Lemma div_INR_small C eps :
  0 < eps -> exists N, (0 < N)%nat /\ forall n, (N <= n)%nat -> C / INR n < eps.
Proof.
move=> He; have [m [_ Hm]] := nfloor_ex (Rmax 0 (C / eps)) (Rmax_l _ _).
exists m.+1; split => // n Hn.
have := leq_INR Hn; rewrite S_INR => Hmn.
have Hn0 : 0 < INR n by have := pos_INR m; lra.
apply/Rlt_div_l => //.
have : C / eps < INR n by have := Rmax_r 0 (C / eps); lra.
by move/(Rlt_div_l _ _ _ He); lra.
Qed.

Lemma div_INR_anti C m n : 0 <= C -> (0 < m <= n)%nat -> C / INR n <= C / INR m.
Proof.
move=> HC /andP [Hm Hmn]; apply: Rmult_le_compat_l => //.
by apply: Rinv_le_contravar; [apply: lt_0_INR; apply/ltP | apply: leq_INR].
Qed.

Lemma ex_lim_seq_cauchy_squeeze (u : nat -> R) :
  (forall eps, 0 < eps -> exists lo hi c, hi - lo < eps /\ 0 <= c /\
     forall n, (0 < n)%nat -> lo - c / INR n <= u n <= hi + c / INR n) ->
  ex_lim_seq_cauchy u.
Proof.
move=> Hsq [eps He] /=.
have [lo [hi [c [Hlh [Hc Hu]]]]] := Hsq (eps / 2) ltac:(lra).
have [N [HN0 HN]] := @div_INR_small c (eps / 4) ltac:(lra).
have Hsmall n : (N <= n)%nat -> c / INR n < eps / 4.
  move=> Hn; apply: Rle_lt_trans (HN N (leqnn N)).
  by apply: div_INR_anti => //; rewrite HN0.
exists N => n m /leP Hn /leP Hm.
have := Hu n (leq_trans HN0 Hn); have := Hu m (leq_trans HN0 Hm).
have := Hsmall n Hn; have := Hsmall m Hm; have := Hc.
move=> *; apply: Rabs_def1; lra.
Qed.

Lemma block_ratio_lb (N M Q D c : R) : 0 < Q -> 0 < N -> 0 <= M ->
  M * Q <= N < (M + 1) * Q -> D <= Q -> M * D <= c -> D / Q - Q / N <= c / N.
Proof.
move=> HQ HN HM [H1 H2] HD Hc.
have key : D * N - Q * Q <= c * Q.
  case: (Rle_lt_dec 0 D) => HD0; nra.
apply: (Rmult_le_reg_r (Q * N)); first nra.
have -> : (D / Q - Q / N) * (Q * N) = D * N - Q * Q by field; lra.
by have -> : c / N * (Q * N) = c * Q by field; lra.
Qed.

Lemma block_ratio_ub (N M Q E c : R) : 0 < Q -> 0 < N ->
  M * Q <= N -> 0 <= E -> c <= (M + 1) * E -> c / N <= E / Q + E / N.
Proof.
move=> HQ HN H1 HE Hc.
apply: (Rmult_le_reg_r (Q * N)); first nra.
have -> : (E / Q + E / N) * (Q * N) = E * N + E * Q by field; lra.
have -> : c / N * (Q * N) = c * Q by field; lra.
nra.
Qed.

Local Close Scope R_scope.

Definition occ_ratio (F : nat -> bool) w n := (INR (occ F w n) / INR n)%R.

Definition freq (F : nat -> bool) w := real (Lim_seq (occ_ratio F w)).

Goal of the exercise: Give the number of lines in the records above that contain the word "bool", and nothing more.

Solved problem: 2